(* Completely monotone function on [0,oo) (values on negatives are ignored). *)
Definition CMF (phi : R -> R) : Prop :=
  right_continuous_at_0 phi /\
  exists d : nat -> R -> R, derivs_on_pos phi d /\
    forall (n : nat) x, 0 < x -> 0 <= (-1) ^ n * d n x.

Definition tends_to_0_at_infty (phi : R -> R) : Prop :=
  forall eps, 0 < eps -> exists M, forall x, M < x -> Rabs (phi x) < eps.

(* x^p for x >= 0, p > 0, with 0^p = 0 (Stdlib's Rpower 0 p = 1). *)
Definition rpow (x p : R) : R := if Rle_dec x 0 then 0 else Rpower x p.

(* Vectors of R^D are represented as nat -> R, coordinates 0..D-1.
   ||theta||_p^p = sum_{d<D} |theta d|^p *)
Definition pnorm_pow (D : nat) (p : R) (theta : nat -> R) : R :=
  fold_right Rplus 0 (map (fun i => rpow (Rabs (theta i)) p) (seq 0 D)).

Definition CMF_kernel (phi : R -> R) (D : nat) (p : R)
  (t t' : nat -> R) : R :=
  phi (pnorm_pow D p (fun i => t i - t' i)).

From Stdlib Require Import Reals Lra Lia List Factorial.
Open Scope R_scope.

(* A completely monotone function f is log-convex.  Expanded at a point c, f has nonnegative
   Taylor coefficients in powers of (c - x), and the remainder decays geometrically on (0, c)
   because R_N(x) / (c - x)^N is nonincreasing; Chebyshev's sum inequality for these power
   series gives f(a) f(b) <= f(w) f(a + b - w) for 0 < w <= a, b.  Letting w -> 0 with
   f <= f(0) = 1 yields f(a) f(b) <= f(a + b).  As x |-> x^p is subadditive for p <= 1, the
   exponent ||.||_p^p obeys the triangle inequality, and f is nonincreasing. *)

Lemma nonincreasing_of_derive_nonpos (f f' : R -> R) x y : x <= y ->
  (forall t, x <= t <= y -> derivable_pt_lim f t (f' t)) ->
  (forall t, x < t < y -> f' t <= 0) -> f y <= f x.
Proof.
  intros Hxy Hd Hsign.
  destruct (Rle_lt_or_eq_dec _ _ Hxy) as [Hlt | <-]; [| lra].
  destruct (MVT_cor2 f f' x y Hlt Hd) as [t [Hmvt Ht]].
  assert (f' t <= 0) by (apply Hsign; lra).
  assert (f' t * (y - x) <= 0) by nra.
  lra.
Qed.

==

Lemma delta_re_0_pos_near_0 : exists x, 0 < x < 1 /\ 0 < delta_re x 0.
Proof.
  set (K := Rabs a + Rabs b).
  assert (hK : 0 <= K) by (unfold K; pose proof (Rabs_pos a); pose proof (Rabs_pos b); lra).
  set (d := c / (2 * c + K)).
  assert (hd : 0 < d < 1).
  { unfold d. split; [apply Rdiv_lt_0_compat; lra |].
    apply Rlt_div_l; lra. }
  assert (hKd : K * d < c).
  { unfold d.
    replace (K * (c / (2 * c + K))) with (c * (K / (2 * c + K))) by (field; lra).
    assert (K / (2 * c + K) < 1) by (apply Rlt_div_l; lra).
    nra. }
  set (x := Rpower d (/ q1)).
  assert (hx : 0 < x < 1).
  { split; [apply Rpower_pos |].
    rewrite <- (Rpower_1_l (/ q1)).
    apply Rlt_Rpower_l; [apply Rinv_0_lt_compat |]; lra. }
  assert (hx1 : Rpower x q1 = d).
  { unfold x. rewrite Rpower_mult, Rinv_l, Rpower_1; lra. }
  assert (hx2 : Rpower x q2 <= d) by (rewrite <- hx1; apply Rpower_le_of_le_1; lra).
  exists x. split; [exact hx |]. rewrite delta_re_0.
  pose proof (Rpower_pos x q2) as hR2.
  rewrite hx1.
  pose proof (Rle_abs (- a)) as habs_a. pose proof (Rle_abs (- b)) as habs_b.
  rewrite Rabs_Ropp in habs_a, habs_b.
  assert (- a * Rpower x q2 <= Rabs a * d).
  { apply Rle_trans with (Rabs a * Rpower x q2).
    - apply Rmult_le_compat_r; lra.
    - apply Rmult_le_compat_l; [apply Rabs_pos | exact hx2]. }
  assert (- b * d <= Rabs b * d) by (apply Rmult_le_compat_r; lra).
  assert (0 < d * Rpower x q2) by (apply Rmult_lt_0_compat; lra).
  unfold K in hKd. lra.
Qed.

==

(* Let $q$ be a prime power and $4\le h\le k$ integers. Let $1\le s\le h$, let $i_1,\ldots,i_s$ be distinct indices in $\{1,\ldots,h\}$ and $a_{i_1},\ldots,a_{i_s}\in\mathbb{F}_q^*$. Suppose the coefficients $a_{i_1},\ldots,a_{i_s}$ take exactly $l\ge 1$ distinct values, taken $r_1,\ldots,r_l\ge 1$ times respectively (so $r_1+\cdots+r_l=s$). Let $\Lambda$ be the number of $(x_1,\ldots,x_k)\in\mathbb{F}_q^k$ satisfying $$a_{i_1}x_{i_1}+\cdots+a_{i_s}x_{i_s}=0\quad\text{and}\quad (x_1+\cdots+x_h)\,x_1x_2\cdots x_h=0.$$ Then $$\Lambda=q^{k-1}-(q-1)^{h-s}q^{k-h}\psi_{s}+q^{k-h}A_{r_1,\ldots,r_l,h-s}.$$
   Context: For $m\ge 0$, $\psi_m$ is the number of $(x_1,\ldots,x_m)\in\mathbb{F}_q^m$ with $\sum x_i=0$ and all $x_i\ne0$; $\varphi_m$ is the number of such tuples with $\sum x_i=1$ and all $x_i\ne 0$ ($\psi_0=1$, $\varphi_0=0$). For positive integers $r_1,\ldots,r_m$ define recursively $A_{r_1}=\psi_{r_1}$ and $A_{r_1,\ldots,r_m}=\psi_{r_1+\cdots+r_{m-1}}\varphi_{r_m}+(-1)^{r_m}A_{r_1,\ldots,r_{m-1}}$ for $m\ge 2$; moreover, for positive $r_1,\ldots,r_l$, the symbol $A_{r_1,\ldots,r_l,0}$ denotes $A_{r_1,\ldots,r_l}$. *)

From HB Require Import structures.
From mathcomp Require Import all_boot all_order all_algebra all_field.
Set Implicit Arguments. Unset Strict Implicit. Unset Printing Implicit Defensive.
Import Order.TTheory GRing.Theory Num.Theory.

_Try it_
Lines in the data that include the word "Require" should all be copied.

_Exercise answer_
From Stdlib Require Import Reals Lra Lia List Factorial.
From HB Require Import structures.
From mathcomp Require Import all_boot all_order all_algebra all_field.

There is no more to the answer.